By Ron VandenBoom
Congressional Republican Rep. Dennis Rehberg brought a message of political involvement to a class of quiet and attentive Havre High School students this morning during a brief stop-over in Havre.
"If you don't vote," Rehberg said, "you won't be able to implement change."
Rehberg told Charlie Klimas' government class that the youth of today have a lot to offer the future, but a lack of political involvement could jeopardize that.
"If we decided to make school mandatory 24 hours a day and you didn't like the idea," he told the class, "if you didn't vote, there's nothing you could do about it."
Answering a student's question about America's recent attack on Iraq, Rehberg told the class their interests are also at stake in this issue because "the war in Vietnam was not fought by old people, it was fought by the young."
"If we go to war," he said. "It's not me that's going to fight it, it's you and we don't want to put you in harm's way."
Rehberg went on to explain that Iraq was "testing the metal" of the new president and that oil and America's opposition to dictators were the reasons America did what it did.
He told the class America's economy and security were dependent on foreign oil and when Saddam Hussein invaded Kuwait it was done to protest America's oils interests and prevent a dictator from becoming too powerful.
Students also queried Rehberg about what he intends to do to improve America's military.
Rehberg told the students the first bill he introduced on arriving in Congress was a bill to up salaries of military personnel by $150 per month.
President George W. Bush supports the bill, Rehberg said.
Montana's economy was also an issue for one student.
Rehberg said Montana's economy was changing and is no longer the natural resource based. He added that it is up to the government to create an atmosphere that is positive to the change.
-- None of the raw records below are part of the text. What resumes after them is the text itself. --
Definition regular_seq (m : R -> Prop) (s : seq R) :=
  [/\ (forall x, x \in s -> m x),
      (forall i, (i < size s)%N -> forall y, gen (take i s) (s`_i * y) -> gen (take i s) y)
    & ~ gen s 1].
Definition depth_is (m : R -> Prop) (d : nat) :=
  (exists s, size s = d /\ regular_seq m s) /\ (forall s, regular_seq m s -> (size s <= d)%N).

Definition cohen_macaulay (m : R -> Prop) :=
  exists d, krull_dim_is d /\ depth_is m d.

Definition m_primary (m I : R -> Prop) := is_primary I /\ peq (radical I) m.

Definition reduction (Q I : R -> Prop) :=
  psubset Q I /\ exists r, peq (ipow I r.+1) (iprod Q (ipow I r)).

Definition int_closure (I : R -> Prop) : R -> Prop :=
  fun x => exists (n : nat) (c : nat -> R), (0 < n)%N /\
    (forall i, (1 <= i <= n)%N -> ipow I i (c i)) /\
    x ^+ n + \sum_(1 <= i < n.+1) c i * x ^+ (n - i) = 0.

Definition colength_is (J : R -> Prop) (l : nat) := @qlength_is (R^o) J unitideal l.

Definition e1_is (J : R -> Prop) (e : int) :=
  exists (e0 : int) (N : nat), forall n, (N <= n)%N ->
    exists l, colength_is (ipow J n.+1) l /\ (l%:Z = e0 * (n.+1)%:Z - e).

(* Ext^1_R(R/m, R), computed from the free presentation
     ... -> F_2 -> R^k --(x_1..x_k)--> R -> R/m -> 0
   where m = (x_1,...,x_k) and F_2 maps onto the syzygies of (x_i):
   Ext^1 = Z/B with Z = {y in R^k | sum c_i y_i = 0 for all syzygies c}
   (= Hom(R^k,R) functionals killing the syzygies) and
   B = {(r x_1, ..., r x_k)} (image of Hom(R,R)). *)
Definition ext1_cycles (xs : seq R) : 'rV[R]_(size xs) -> Prop :=
  fun y => forall c : 'rV[R]_(size xs),
    \sum_(i < size xs) c 0 i * xs`_i = 0 -> \sum_(i < size xs) c 0 i * y 0 i = 0.
Definition ext1_bounds (xs : seq R) : 'rV[R]_(size xs) -> Prop :=
  fun y => exists r : R, forall i : 'I_(size xs), y 0 i = r * xs`_i.

(* Cohen-Macaulay type r(R) = l_R(Ext^1_R(R/m,R)) computed with generators xs of m *)
Definition cm_type_is (xs : seq R) (t : nat) :=
  @qlength_is _ (@ext1_bounds xs) (@ext1_cycles xs) t.

Definition is_dvr :=
  (forall x y : R, x * y = 0 -> x = 0 \/ y = 0) /\
  (forall I, is_ideal I -> exists a, peq I (principal a)) /\
  (exists x : R, x != 0 /\ ~ (exists y, x * y = 1)).

End CommAlg.

From mathcomp Require Import all_boot all_order all_algebra.
From Stdlib Require Import Classical ClassicalEpsilon.
From mathcomp Require Import zify ring.
Import Order.TTheory GRing.Theory Num.Theory.
Set Implicit Arguments. Unset Strict Implicit. Unset Printing Implicit Defensive.
Local Open Scope ring_scope.

(* (1) If J is integral over I, adjoining the finitely many generators of J one
   at a time keeps I a reduction, so J^(c+n) <= I^n for some c.  Comparing
   l(R/I^(n+1)) with l(R/J^(n+1)) and l(R/J^(c+n+1)) forces e_0(I) = e_0(J) and
   then e_1(I) <= e_1(J).
   (2) Since depth R = 1 there is a non-zerodivisor, so the parameter a is
   regular; since R is not a DVR, m is not principal.  For K = (a) : m this
   gives K m <= a m, hence K^2 = aK and K^(n+1) = a^n K, so
   l(R/K^(n+1)) = n l(R/(a)) + l(R/K) and e_1(K) = l(K/(a)).  Finally
   K/(a) = Hom(R/m, R/(a)) = Ext^1(R/m, R), whose length is r(R). *)

Lemma ex_maxn_bounded (P : nat -> Prop) L : (exists k, P k) -> (forall k, P k -> (k <= L)%N) ->
  exists n, P n /\ forall k, P k -> (k <= n)%N.
Proof.
elim: L P => [|L IH] P [k hk] hb.
  by exists k; split => // k' /hb; rewrite leqn0 => /eqP ->.
case: (classic (P L.+1)) => h; first by exists L.+1.
apply: IH; first by exists k.
by move=> k' hk'; have := hb _ hk'; rewrite leq_eqVlt => /orP [/eqP e|] //; subst k'.
Qed.

Lemma ex_minn_classic (P : nat -> Prop) : (exists n, P n) ->
  exists n, P n /\ forall k, (k < n)%N -> ~ P k.
Proof.
move=> [n hn]; elim: n {-2}n (leqnn n) hn => [|N IH] n hn hP.
  by exists n; split => // k; rewrite leqn0 in hn; rewrite (eqP hn).
case: (classic (exists k, (k < n)%N /\ P k)) => [[k [hk hPk]]|hno].
  by apply: (IH k) => //; rewrite -ltnS; apply: leq_trans hn.
by exists n; split => // k hk hPk; apply: hno; exists k.
Qed.

Section Lengths.
Variables (R : comNzRingType) (V : lmodType R).
Implicit Types A B C X Y Z : V -> Prop.

Lemma pstrict_peq X Y X' Y' : pstrict X Y -> peq X X' -> peq Y Y' -> pstrict X' Y'.
Proof.
move=> [s [x [Yx nXx]]] e1 e2; split; first by move=> z /e1 /s /e2.
by exists x; split; [apply/e2 | move=> /e1].
Qed.

Lemma submod_chain_peq X Y X' Y' f k : submod_chain X Y f k -> peq X X' -> peq Y Y' ->
  submod_chain X' Y' f k.
Proof.
move=> [h0 hk hs hst] e1 e2; split=> // z.
  by split=> [/h0/e1|/e1/h0].
by split=> [/hk/e2|/e2/hk].
Qed.

Lemma submod_chain_sub X Y f k : submod_chain X Y f k ->
  forall i, (i <= k)%N -> psubset (f i) Y.
Proof.
move=> [_ hk _ hst].
suff H d i : (i + d = k)%N -> psubset (f i) Y.
  by move=> i hi; apply: (H (k - i)%N); rewrite subnKC.
elim: d i => [|d IH] i hid; first by rewrite addn0 in hid; subst; move=> z /hk.
have [s _] : pstrict (f i) (f i.+1) by apply: hst; rewrite -hid addnS ltnS leq_addr.
by move=> z /s; apply: IH; rewrite addSnnS.
Qed.

Lemma submodN X x : submod X -> X x -> X (- x).
Proof. by move=> [_ _ hZ] hx; rewrite -scaleN1r; apply: hZ. Qed.

Lemma submodB X x y : submod X -> X x -> X y -> X (x - y).
Proof. by move=> hX hx hy; have [_ hD _] := hX; apply: hD => //; apply: submodN. Qed.

Definition pcap X Y : V -> Prop := fun x => X x /\ Y x.
Definition padd X Y : V -> Prop := fun x => exists p q, X p /\ Y q /\ x = p + q.

Lemma pcap_submod X Y : submod X -> submod Y -> submod (pcap X Y).
Proof.
move=> [x0 xD xZ] [y0 yD yZ]; split; first by split.
  by move=> x y [? ?] [? ?]; split; auto.
by move=> a x [? ?]; split; auto.
Qed.

Lemma padd_submod X Y : submod X -> submod Y -> submod (padd X Y).
Proof.
move=> [x0 xD xZ] [y0 yD yZ]; split.
- by exists 0, 0; rewrite addr0.
- move=> x y [p [q [hp [hq ->]]]] [p' [q' [hp' [hq' ->]]]].
  by exists (p + p'), (q + q'); do 2?split; auto; rewrite addrACA.
- move=> a x [p [q [hp [hq ->]]]]; exists (a *: p), (a *: q).
  by do 2?split; auto; rewrite scalerDr.
Qed.

Lemma submod_chain_rcons X Y Z f k : submod_chain X Y f k -> pstrict Y Z -> submod Z ->
  submod_chain X Z (fun i => if (i <= k)%N then f i else Z) k.+1.
Proof.
move=> [h0 hk hs hst] hYZ hZ; split => /=; rewrite ?ltnn //.
- by move=> i hi; case: ifP => // /hs.
- move=> i; rewrite ltnS => hi; rewrite hi.
  case: (ltnP i k) => hik; first exact: hst.
  have -> : i = k by apply/eqP; rewrite eqn_leq hi hik.
  by apply: pstrict_peq hYZ _ _ => // z; split => /hk.
Qed.

Lemma submod_chain_cat X Y Z f g k1 k2 : submod_chain X Y f k1 -> submod_chain Y Z g k2 ->
  submod_chain X Z (fun i => if (i <= k1)%N then f i else g (i - k1)%N) (k1 + k2).
Proof.
move=> [f0 fk fs fst] [g0 gk gs gst]; split => /=.
- by [].
- case: ifP => h; last by rewrite addKn.
  have k20 : k2 = 0%N by move: h; rewrite -{2}(addn0 k1) leq_add2l leqn0 => /eqP.
  by subst k2; rewrite addn0 => z; split => [/fk/g0/gk|/gk/g0/fk].
- move=> i hi; case: ifP => h; first exact: fs.
  by apply: gs; rewrite leq_subLR.
- move=> i hi; case: (ltnP i k1) => hik; first by rewrite (ltnW hik); apply: fst.
  case: (leqP i k1) => h2; last first.
    by rewrite subSn ?(ltnW h2) //; apply: gst; rewrite ltn_subLR // ltnW.
  have ei : i = k1 by apply/eqP; rewrite eqn_leq h2 hik.
  subst i; rewrite subSnn.
  have H : pstrict (g 0%N) (g 1%N) by apply: gst; rewrite -(ltn_add2l k1) addn0.
  by apply: pstrict_peq H _ _ => // z; split => [/g0/fk|/fk/g0].
Qed.

Lemma submod_chain_exists X Y : submod X -> submod Y -> psubset X Y ->
  exists k f, submod_chain X Y f k.
Proof.
move=> hX hY hXY; case: (classic (exists x, Y x /\ ~ X x)) => [hx|hn].
  exists 1%N, (fun i => if i == 0%N then X else Y); split => //=.
  - by move=> [|[|i]].
  - by move=> [|i] //= _; split.
exists 0%N, (fun _ => X); split => // z; split; first exact: hXY.
by move=> hz; apply: NNPP => hz'; apply: hn; exists z.
Qed.

Lemma qlength_unique X Y l l' : qlength_is X Y l -> qlength_is X Y l' -> l = l'.
Proof.
move=> [[f hf] b] [[f' hf'] b']; apply/eqP.
by rewrite eqn_leq (b' _ _ hf) (b _ _ hf').
Qed.

Lemma qlength_peq X Y X' Y' l : peq X X' -> peq Y Y' -> qlength_is X Y l -> qlength_is X' Y' l.
Proof.
move=> e1 e2 [[f hf] b]; split; first by exists f; apply: submod_chain_peq hf _ _.
move=> g k hg; apply: (b g k); apply: submod_chain_peq hg _ _ => z.
  by split => /e1.
by split => /e2.
Qed.

(* If both were equalities, the modular law would give X = Y. *)
Lemma pstrict_pcap_or_padd B X Y : submod B -> submod X -> submod Y ->
  pstrict X Y -> pstrict (pcap X B) (pcap Y B) \/ pstrict (padd X B) (padd Y B).
Proof.
move=> hB hX hY [sXY [x [Yx nXx]]].
case: (classic (exists z, pcap Y B z /\ ~ pcap X B z)) => [[z hz]|hn].
  left; split; last by exists z.
  by move=> w [hw1 hw2]; split => //; apply: sXY.
right; split.
  by move=> w [p [b [hp [hb ->]]]]; exists p, b; split; [exact: sXY | split].
exists x; split.
  by exists x, 0; split => //; split; [case: hB | rewrite addr0].
move=> [p [b [hp [hb ex]]]].
have hbY : Y b.
  have -> : b = x - p by rewrite ex addrAC subrr add0r.
  by apply: submodB => //; apply: sXY.
have [hbX _] : pcap X B b by apply: NNPP => nb; apply: hn; exists b.
by apply: nXx; rewrite ex; case: hX => _ hD _; exact: hD.
Qed.

Lemma submod_chain_grow X Y Z f k : submod_chain X Y f k -> psubset Y Z -> submod Z ->
  exists k' f', [/\ (k <= k')%N, submod_chain X Z f' k' & (pstrict Y Z -> (k < k')%N)].
Proof.
move=> hf sYZ hZ; case: (classic (pstrict Y Z)) => hs.
  by exists k.+1, (fun i => if (i <= k)%N then f i else Z); split;
    [exact: leqnSn | exact: submod_chain_rcons hf hs hZ | by []].
exists k, f; split => //; apply: submod_chain_peq hf _ _ => // z; split; first exact: sYZ.
by move=> hz; apply: NNPP => nz; apply: hs; split => //; exists z.
Qed.

Lemma submod_chain_split B g k : submod B -> (forall i, (i <= k)%N -> submod (g i)) ->
  (forall i, (i < k)%N -> pstrict (g i) (g i.+1)) ->
  exists k1 k2 u v, [/\ (k <= k1 + k2)%N,
    submod_chain (pcap (g 0%N) B) (pcap (g k) B) u k1 &
    submod_chain (padd (g 0%N) B) (padd (g k) B) v k2].
Proof.
move=> hB; elim: k => [|k IH] hs hst.
  exists 0%N, 0%N, (fun _ => pcap (g 0%N) B), (fun _ => padd (g 0%N) B).
  split => //; split => // i _; [apply: pcap_submod | apply: padd_submod] => //; exact: hs.
have [k1 [k2 [u [v [hk hu hv]]]]] := IH (fun i hi => hs i (leqW hi)) (fun i hi => hst i (ltnW hi)).
have hgk : submod (g k) by apply: hs; apply: leqnSn.
have hgk1 : submod (g k.+1) by apply: hs.
have [sk _] := hst k (ltnSn k).
have sc : psubset (pcap (g k) B) (pcap (g k.+1) B) by move=> z [? ?]; split => //; apply: sk.
have sa : psubset (padd (g k) B) (padd (g k.+1) B).
  by move=> z [p [b [hp [hb ->]]]]; exists p, b; split; [apply: sk|split].
have [k1' [u' [l1 hu' s1]]] := submod_chain_grow hu sc (pcap_submod hgk1 hB).
have [k2' [v' [l2 hv' s2]]] := submod_chain_grow hv sa (padd_submod hgk1 hB).
exists k1', k2', u', v'; split => //.
case: (pstrict_pcap_or_padd hB hgk hgk1 (hst k (ltnSn k))) => [/s1|/s2] h.
  by apply: (leq_trans _ (leq_add h l2)); rewrite addSn ltnS.
by apply: (leq_trans _ (leq_add l1 h)); rewrite addnS ltnS.
Qed.

Section Additivity.
Variables A B C : V -> Prop.
Hypotheses (hA : submod A) (hB : submod B) (hC : submod C).
Hypotheses (sAB : psubset A B) (sBC : psubset B C).

Lemma submod_chain_le_add l1 l2 :
  (forall f k, submod_chain A B f k -> (k <= l1)%N) ->
  (forall f k, submod_chain B C f k -> (k <= l2)%N) ->
  forall g k, submod_chain A C g k -> (k <= l1 + l2)%N.
Proof.
move=> b1 b2 g k [h0 hk hs hst].
have [k1 [k2 [u [v [hk' hu hv]]]]] := submod_chain_split hB hs hst.
apply: leq_trans hk' (leq_add (b1 u k1 _) (b2 v k2 _)).
  apply: submod_chain_peq hu _ _ => z; split.
  - by move=> [/h0].
  - by move=> hz; split; [apply/h0 | apply: sAB].
  - by case.
  - by move=> hz; split => //; apply/hk; apply: sBC.
have [_ hBD _] := hB; have [_ hCD _] := hC.
apply: submod_chain_peq hv _ _ => z; split.
- by move=> [p [q [/h0 hp [hq ->]]]]; apply: hBD => //; exact: sAB.
- by move=> hz; exists 0, z; split; [apply/h0; case: hA | split; rewrite ?add0r].
- by move=> [p [q [/hk hp [hq ->]]]]; apply: hCD => //; exact: sBC.
- by move=> hz; exists z, 0; split; [apply/hk | split; [case: hB | rewrite addr0]].
Qed.

Lemma qlength_cat l1 l2 : qlength_is A B l1 -> qlength_is B C l2 -> qlength_is A C (l1 + l2).
Proof.
move=> [[f1 hf1] b1] [[f2 hf2] b2]; split; first by eexists; exact: submod_chain_cat hf1 hf2.
exact: submod_chain_le_add.
Qed.

Lemma qlength_split l : qlength_is A C l ->
  exists l1 l2, [/\ qlength_is A B l1, qlength_is B C l2 & (l1 + l2)%N = l].
Proof.
move=> [[g hg] hb].
have [k1 [g1 hg1]] := submod_chain_exists hA hB sAB.
have [k2 [g2 hg2]] := submod_chain_exists hB hC sBC.
have [l1 [[f1 hf1] hm1]] : exists l1, (exists f, submod_chain A B f l1) /\
    forall k, (exists f, submod_chain A B f k) -> (k <= l1)%N.
  apply: (@ex_maxn_bounded _ l); first by exists k1, g1.
  by move=> k [f hf]; apply: leq_trans (hb _ _ (submod_chain_cat hf hg2)); exact: leq_addr.
have [l2 [[f2 hf2] hm2]] : exists l2, (exists f, submod_chain B C f l2) /\
    forall k, (exists f, submod_chain B C f k) -> (k <= l2)%N.
  apply: (@ex_maxn_bounded _ l); first by exists k2, g2.
  by move=> k [f hf]; apply: leq_trans (hb _ _ (submod_chain_cat hg1 hf)); exact: leq_addl.
have h1 : qlength_is A B l1 by split => [|f k hf]; [exists f1 | apply: hm1; exists f].
have h2 : qlength_is B C l2 by split => [|f k hf]; [exists f2 | apply: hm2; exists f].
exists l1, l2; split => //.
by apply: qlength_unique (qlength_cat h1 h2) _; split => //; exists g.
Qed.

End Additivity.
End Lengths.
"Government doesn't create jobs, people do," Rehberg said.
He told the class that it is government's job to create opportunity for job development and impose fewer regulations and taxes that limit economic growth.
"The people can do it if the government stays out of the way and doesn't screw things up," he said.
Rehberg also told the student that he does not favor school vouchers and instead would like to see a tax credit that would allow parents a benefit without hurting public education.
"No child should be left behind," he said.